Task directions: Look below for the line containing "(* At a common" and the line containing "tau' (resp. F"; repeat exactly those two lines and all lines between them, and nothing else.

Extracted information:

(* Let $F,G\in\mathbb{A}$, $\vartheta$ and $\tilde H\in\mathbb{A}_q$ be as in the BQTRU key setting below, so that $\tilde H\equiv F^{-1}\circ G+\vartheta\pmod q$, and let $$\chi=\{\tau'\in\mathbb{A}: \exists F'\in\mathbb{A},\ \exists\alpha'\in\mathbb{A}\ \text{with}\ F\circ F'=F'\circ F\equiv 1+\alpha'\circ\tau'\!\!\pmod q\ \text{and}\ \tilde H\equiv F'\circ G+\tau'\!\!\pmod q\}.$$ Then $\vartheta=W\circ\sigma$ has the smallest Hamming norm $\|\overrightarrow{\rho(\cdot)}\|_H$ among elements of $\chi$. Moreover, for every $\tau'\in\chi$ with $\tau'\neq\vartheta$, $$\|\overrightarrow{\rho(F\circ\tau')}\|_H\ \ge\ \|\overrightarrow{\rho(F\circ\vartheta)}\|_H .$$
   Context: Setting: $n$ prime, $p,q$ distinct primes with $\gcd(p,q)=\gcd(n,q)=1$ and $n\mid(q-1)$. $R'=\mathbb{Z}[x,y]/\langle x^n-1,y^n-1\rangle$, $R'_q=\mathbb{Z}_q[x,y]/\langle x^n-1,y^n-1\rangle$; $\mathbb{A},\mathbb{A}_q,\mathbb{L}_q$ are the quaternion algebras over $R'$, $R'_q$, $\mathbb{Z}_q$ (free module on $1,i,j,k$, scalars central, $i^2=j^2=1$, $i\circ j=-j\circ i=k$); ''$\pmod q$'' means equality after reducing coefficients mod $q$. $E=\{(a,b)\in\mathbb{Z}_q^2:a^n=b^n=1\}$, enumerated $(a_1,b_1),\dots,(a_{n^2},b_{n^2})$; $\lambda_{a,b}(x,y)=\frac{ab}{n^2}\cdot\frac{x^n-1}{x-a}\cdot\frac{y^n-1}{y-b}$ over $\mathbb{Z}_q$. For $X\in\mathbb{A}$ (reduced mod $q$), $\overrightarrow{\rho(X)}\in\mathbb{Z}_q^{4n^2}$ is $(\rho(x_0),\dots,\rho(x_3))$ with $\rho(x_t)=(x_t(a_1,b_1),\dots,x_t(a_{n^2},b_{n^2}))$; $\|\cdot\|_H$ is Hamming weight. Key setting: $G=g_0+g_1i+g_2j+g_3k$, $F=f_0+f_1i+f_2j+f_3k$ with all $f_t,g_t$ ternary; $T=\bigcap_{t=0}^3\{(a,b)\in E:g_t(a,b)=0\}\neq\emptyset$, enumerated first: $T=\{(a_1,b_1),\dots,(a_{|T|},b_{|T|})\}$; zeros of $N(F)=f_0^2-f_1^2-f_2^2-f_3^2$ in $E$ lie in $T$. $\sigma=\sum_{i=1}^{|T|}q_i\lambda_{a_i,b_i}$ with $q_i\in\mathbb{Z}_q$ nonzero; $Q=\langle q,\sigma\rangle\subseteq R'$, $J=Q+Qi+Qj+Qk$; $F^{-1}\in\mathbb{A}$ satisfies $F\circ F^{-1}=F^{-1}\circ F\equiv1\pmod J$; $W\in\mathbb{L}_q$ invertible with all four components nonzero; $\vartheta=W\circ\sigma$; $\tilde H\equiv F^{-1}\circ G+\vartheta\pmod q$. *)

From HB Require Import structures.
From mathcomp Require Import all_boot all_order all_algebra.
Set Implicit Arguments. Unset Strict Implicit. Unset Printing Implicit Defensive.
Import Order.TTheory GRing.Theory Num.Theory.
Local Open Scope ring_scope.

(* Elements of R[x,y]/<x^n-1, y^n-1>, represented canonically by their *)
(* coefficient arrays: f k is the coefficient of x^(k.1) y^(k.2).      *)
(*   R' = RpT int n,   R'_q = RpT 'F_q n.                              *)
Definition RpT (R : Type) (n : nat) := {ffun 'I_n * 'I_n -> R}.

Definition radd (R : nzRingType) n (f g : RpT R n) : RpT R n := [ffun k => f k + g k].
Definition ropp (R : nzRingType) n (f : RpT R n) : RpT R n := [ffun k => - f k].
Definition rzero (R : nzRingType) n : RpT R n := [ffun _ => 0].
Definition rone (R : nzRingType) n : RpT R n :=
  [ffun k => if (nat_of_ord k.1 == 0%N) && (nat_of_ord k.2 == 0%N) then 1 else 0].
Definition rscale (R : nzRingType) n (c : R) (f : RpT R n) : RpT R n := [ffun k => c * f k].
Definition rmul (R : nzRingType) n (f g : RpT R n) : RpT R n :=
  [ffun k => \sum_(i : 'I_n * 'I_n) \sum_(j : 'I_n * 'I_n |
       (((nat_of_ord i.1 + nat_of_ord j.1) %% n)%N == nat_of_ord k.1)
    && (((nat_of_ord i.2 + nat_of_ord j.2) %% n)%N == nat_of_ord k.2)) f i * g j].

Definition reval (R : nzRingType) n (f : RpT R n) (a b : R) : R :=
  \sum_(k : 'I_n * 'I_n) f k * a ^+ k.1 * b ^+ k.2.

(* Quaternion algebra over a coefficient type T: free module on        *)
(* 1,i,j,k (components 0,1,2,3), i^2 = j^2 = 1, i j = - j i = k.       *)
Definition QuatT (T : Type) := {ffun 'I_4 -> T}.

Definition qmulW (T : Type) (add : T -> T -> T) (opp : T -> T) (mul : T -> T -> T)
    (X Y : QuatT T) : QuatT T :=
  let x t := X (@inord 3 t) in let y t := Y (@inord 3 t) in
  let sub a b := add a (opp b) in
  [ffun t : 'I_4 => match nat_of_ord t with
    | 0 => sub (add (add (mul (x 0) (y 0)) (mul (x 1) (y 1))) (mul (x 2) (y 2))) (mul (x 3) (y 3))
    | 1 => add (sub (add (mul (x 0) (y 1)) (mul (x 1) (y 0))) (mul (x 2) (y 3))) (mul (x 3) (y 2))
    | 2 => sub (add (add (mul (x 0) (y 2)) (mul (x 2) (y 0))) (mul (x 1) (y 3))) (mul (x 3) (y 1))
    | _ => sub (add (add (mul (x 0) (y 3)) (mul (x 3) (y 0))) (mul (x 1) (y 2))) (mul (x 2) (y 1))
    end].

(* quaternions over R[x,y]/<x^n-1,y^n-1>:  A = AQ int n, A_q = AQ 'F_q n *)
Definition AQ (R : Type) n := QuatT (RpT R n).

Definition qadd (R : nzRingType) n (X Y : AQ R n) : AQ R n := [ffun t => radd (X t) (Y t)].
Definition qsub (R : nzRingType) n (X Y : AQ R n) : AQ R n := [ffun t => radd (X t) (ropp (Y t))].
Definition qmul (R : nzRingType) n (X Y : AQ R n) : AQ R n :=
  qmulW (@radd R n) (@ropp R n) (@rmul R n) X Y.
Definition qone (R : nzRingType) n : AQ R n :=
  [ffun t : 'I_4 => if nat_of_ord t == 0%N then rone R n else rzero R n].

(* quaternions over a ring R (L_q = QuatT 'F_q) *)
Definition lmul (R : nzRingType) (X Y : QuatT R) : QuatT R :=
  qmulW (fun a b : R => a + b) (fun a : R => - a) (fun a b : R => a * b) X Y.
Definition lone (R : nzRingType) : QuatT R := [ffun t : 'I_4 => if nat_of_ord t == 0%N then 1 else 0].

Definition red (q n : nat) (f : RpT int n) : RpT 'F_q n := [ffun k => (f k)%:~R].
Definition qred (q n : nat) (X : AQ int n) : AQ 'F_q n := [ffun t => red q (X t)].
(* canonical lift of an element of R'_q to R' (coefficients in [0,q)) *)
Definition lift (q n : nat) (f : RpT 'F_q n) : RpT int n := [ffun k => Posz (nat_of_ord (f k))].

Definition Eset (q n : nat) : {set 'F_q * 'F_q} :=
  [set e | (e.1 ^+ n == 1) && (e.2 ^+ n == 1)].

(* Hamming weight of rho(X) for X in A_q *)
Definition hamq (q n : nat) (X : AQ 'F_q n) : nat :=
  #|[set te : 'I_4 * ('F_q * 'F_q) | (te.2 \in Eset q n) && (reval (X te.1) te.2.1 te.2.2 != 0)]|.

Definition Tset (q n : nat) (G : AQ int n) : {set 'F_q * 'F_q} :=
  [set e in Eset q n | [forall t : 'I_4, reval (red q (G t)) e.1 e.2 == 0]].

Definition normQ n (F : AQ int n) : RpT int n :=
  let f t := F (@inord 3 t) in
  radd (rmul (f 0%N) (f 0%N))
       (ropp (radd (rmul (f 1%N) (f 1%N)) (radd (rmul (f 2%N) (f 2%N)) (rmul (f 3%N) (f 3%N))))).

(* Lagrange basis lambda_{a,b}(x,y) = ab/n^2 * (x^n-1)/(x-a) * (y^n-1)/(y-b) in R'_q *)
Definition lambdaQ (q n : nat) (e : 'F_q * 'F_q) : RpT 'F_q n :=
  [ffun k => e.1 * e.2 / (n%:R ^+ 2)
             * (('X^n - 1) %/ ('X - e.1%:P))`_(nat_of_ord k.1)
             * (('X^n - 1) %/ ('X - e.2%:P))`_(nat_of_ord k.2)].

Definition sigmaQ (q n : nat) (T : {set 'F_q * 'F_q}) (qs : 'F_q * 'F_q -> 'F_q) : RpT 'F_q n :=
  [ffun k => \sum_(e in T) qs e * @lambdaQ q n e k].

Definition inQ (q n : nat) (sigma : RpT 'F_q n) (X : RpT int n) : Prop :=
  exists r s : RpT int n, X = radd (rscale (Posz q) r) (rmul s (lift sigma)).
Definition inJ (q n : nat) (sigma : RpT 'F_q n) (X : AQ int n) : Prop :=
  forall t : 'I_4, inQ sigma (X t).

(* vartheta = W o sigma in A_q (sigma central scalar) *)
Definition thetaQ (q n : nat) (W : QuatT 'F_q) (sigma : RpT 'F_q n) : AQ 'F_q n :=
  [ffun t => [ffun k => W t * sigma k]].

Definition chi (q n : nat) (F G : AQ int n) (Ht : AQ 'F_q n) (tau : AQ int n) : Prop :=
  exists F' alpha : AQ int n,
    [/\ qmul F F' = qmul F' F,
        qred q (qmul F F') = qred q (qadd (qone int n) (qmul alpha tau)) &
        Ht = qred q (qadd (qmul F' G) tau)].

Definition ternary n (f : RpT int n) : Prop := forall k, f k \in [:: -1; 0; 1].

(* At a common zero (a,b) in T of the g_t, evaluating
   H~ = F^-1 G + theta = F' G + tau' (mod q) kills the G-terms, so rho(tau')
   and rho(theta) agree on T; off T, theta = W sigma vanishes because sigma is
   a combination of the Lagrange elements lambda_(a,b) with (a,b) in T.  So at
   every point of E the value of theta (resp. F theta) is either 0 or that of
   tau' (resp. F tau'), which bounds the Hamming weights.  Finally theta itself lies in chi, with
   F' = F^-1 and alpha' = S W^-1, where F F^-1 = 1 + S sigma (mod q) expresses
   F F^-1 - 1 in J: as sigma is central, (S W^-1)(W sigma) = S sigma. *)

From Pilot Require Import Defs.
From HB Require Import structures.
From mathcomp Require Import all_boot all_order all_algebra.
From mathcomp Require Import ring.
Set Implicit Arguments. Unset Strict Implicit. Unset Printing Implicit Defensive.
Import Order.TTheory GRing.Theory Num.Theory.
Local Open Scope ring_scope.

Lemma qmulW_morph (T U : Type) (addT : T -> T -> T) (oppT : T -> T) (mulT : T -> T -> T)
    (addU : U -> U -> U) (oppU : U -> U) (mulU : U -> U -> U) (phi : T -> U)
    (X Y : QuatT T) (x y : QuatT U) :
  (forall a b, phi (addT a b) = addU (phi a) (phi b)) ->
  (forall a, phi (oppT a) = oppU (phi a)) ->
  (forall i j, phi (mulT (X i) (Y j)) = mulU (x i) (y j)) ->
  forall t, phi (qmulW addT oppT mulT X Y t) = qmulW addU oppU mulU x y t.
Proof.
move=> phiD phiN phiM t; rewrite !ffunE.
by case: t => [[|[|[|[|t]]]] ?] /=; rewrite !phiD ?phiN !phiM ?phiN.
Qed.

Section QuaternionsOverRing.
Variable R : comNzRingType.
Implicit Types x y z : QuatT R.

Lemma lmulA x y z : lmul (lmul x y) z = lmul x (lmul y z).
Proof.
apply/ffunP => t; rewrite /lmul /qmulW !ffunE !inordK //.
by case: t => [[|[|[|[|t]]]] ?] /=; ring.
Qed.

Lemma lmulr1 x : lmul x (lone R) = x.
Proof.
apply/ffunP => t; rewrite /lmul /qmulW !ffunE !inordK //=.
case: t => [[|[|[|[|t]]]] ?] /=; rewrite ?mulr0 ?mulr1 ?addr0 ?subr0 ?add0r //;
  by congr (x _); apply: val_inj; rewrite /= inordK.
Qed.

Lemma lmulr0 x : lmul x 0 = 0.
Proof.
apply/ffunP => t; rewrite /lmul /qmulW !ffunE.
by case: t => [[|[|[|[|t]]]] ?] /=; rewrite !mulr0 ?addr0 ?subr0.
Qed.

Solution:
(* At a common zero (a,b) in T of the g_t, evaluating
   H~ = F^-1 G + theta = F' G + tau' (mod q) kills the G-terms, so rho(tau')
   and rho(theta) agree on T; off T, theta = W sigma vanishes because sigma is
   a combination of the Lagrange elements lambda_(a,b) with (a,b) in T.  So at
   every point of E the value of theta (resp. F theta) is either 0 or that of
   tau' (resp. F tau'), which bounds the Hamming weights.  Finally theta itself lies in chi, with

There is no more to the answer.